Tradeoffs and open questions

  • Folder vs. file in Obsidian. 68 sub-folders is more visual noise than 68 files. Probably fine if Citations/ is a leaf you rarely browse, but worth confirming.
  • Index file source-of-truth ambiguity. Convention has to be: frontmatter is authoritative, the index is a cache. Add a pnpm (or Obsidian command) “rebuild index” path so corruption is recoverable.
  • HTML snapshot size. ~50KB–2MB per page. 1k citations = 0.1–2 GB. Probably fine on disk, possibly painful for Obsidian’s indexer. Could store outside the vault entirely (e.g. ~/code/lossless-monorepo/citation-archive/) and reference by path.
  • Auto-update on rot resolution. Strong-match auto-update is tempting but corrupts silently when wrong. Hard rule: weak/medium matches go to a review queue.
  • Where does this live? Probably as additional commands in cite-wide rather than a new plugin. Metafetch stays single-page-OG; cite-wide owns the canonical-source domain.
  • Jina cost on existing corpus. If we backfill content.md for the 68 existing citations, that’s 68 Reader calls — trivial. At portfolio-crawler scale (hundreds-thousands per company × N companies) the cost shape is very different.

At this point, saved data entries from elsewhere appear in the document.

Lemma golden_equation_no_solution (m k : Z) :
  (0 < m)%Z -> (0 < k)%Z -> (k * k <> m * k + m * m)%Z.
Proof.
  revert k. induction m as [m IH] using (well_founded_induction (Z.lt_wf 0)).
  intros k Hm Hk E.
  assert (m < k < 2 * m)%Z by nia.
  (* descent: (k - m, m) is a smaller solution *)
  apply (IH (k - m)%Z) with m; nia.
Qed.

Lemma mul_phi_not_integer (m k : Z) : (0 < m)%Z -> IZR m * phi <> IZR k.
Proof.
  intros Hm E. pose proof phi_bounds.
  assert (Hk : (0 < k)%Z) by (apply lt_IZR; rewrite <- E; apply Rmult_lt_0_compat; [apply IZR_lt; lia | lra]).
  apply (golden_equation_no_solution m k Hm Hk), eq_IZR.
  rewrite plus_IZR, !mult_IZR, <- E.
  replace (IZR m * phi * (IZR m * phi)) with (IZR m * IZR m * (phi * phi)) by ring.
  rewrite phi_sq. ring.
Qed.

(** * The Wythoff sequences *)

Definition wythoff_a (m : Z) : Z := floorR (IZR m * phi).
Definition wythoff_b (m : Z) : Z := (wythoff_a m + m)%Z.

Lemma wythoff_a_bounds m :
  (0 < m)%Z -> IZR (wythoff_a m) < IZR m * phi < IZR (wythoff_a m) + 1.
Proof.
  intros Hm. unfold wythoff_a.
  destruct (floorR_spec (IZR m * phi)) as [[Hlt|Heq] Hup]; [lra|].
  exfalso. exact (mul_phi_not_integer _ _ Hm (eq_sym Heq)).
Qed.

Lemma wythoff_a_lt m m' : (m < m')%Z -> (wythoff_a m < wythoff_a m')%Z.
Proof.
  intros H. assert (IZR m + 1 <= IZR m') by (rewrite <- plus_IZR; apply IZR_le; lia).
  pose proof (floorR_spec (IZR m * phi)). pose proof (floorR_spec (IZR m' * phi)).
  pose proof phi_bounds. apply lt_IZR. unfold wythoff_a. nra.
Qed.

Lemma wythoff_a_inj m m' : wythoff_a m = wythoff_a m' -> m = m'.
Proof.
  intros E. destruct (Z.lt_trichotomy m m') as [H|[H|H]]; [|exact H|];
    apply wythoff_a_lt in H; lia.
Qed.

Lemma wythoff_b_inj m m' : wythoff_b m = wythoff_b m' -> m = m'.
Proof.
  unfold wythoff_b. intros E. destruct (Z.lt_trichotomy m m') as [H|[H|H]]; [|exact H|];
    pose proof (wythoff_a_lt _ _ H); lia.
Qed.

Lemma wythoff_a_ge m : (0 <= m)%Z -> (m <= wythoff_a m)%Z.
Proof.
  intros Hm. pose proof (floorR_spec (IZR m * phi)). pose proof phi_bounds.
  apply IZR_le in Hm.
  assert (m < wythoff_a m + 1)%Z; [|lia].
  apply lt_IZR. rewrite plus_IZR. unfold wythoff_a. nra.
Qed.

Open questions to answer before building

  1. Folder-per-citation vs. richer single-file citation: does the noise in Citations/ actually bother you, or is it fine?
  2. Lazy migration vs. one-shot backfill of existing 68: which feels right?
  3. Where should HTML snapshots live — in-vault or outside?
  4. Should the link-rot resolver run on a schedule (e.g. weekly) or only on demand from a review pane?
  5. Does the filesUsedIn tracking handle file renames in the vault correctly today, or is that already drifting?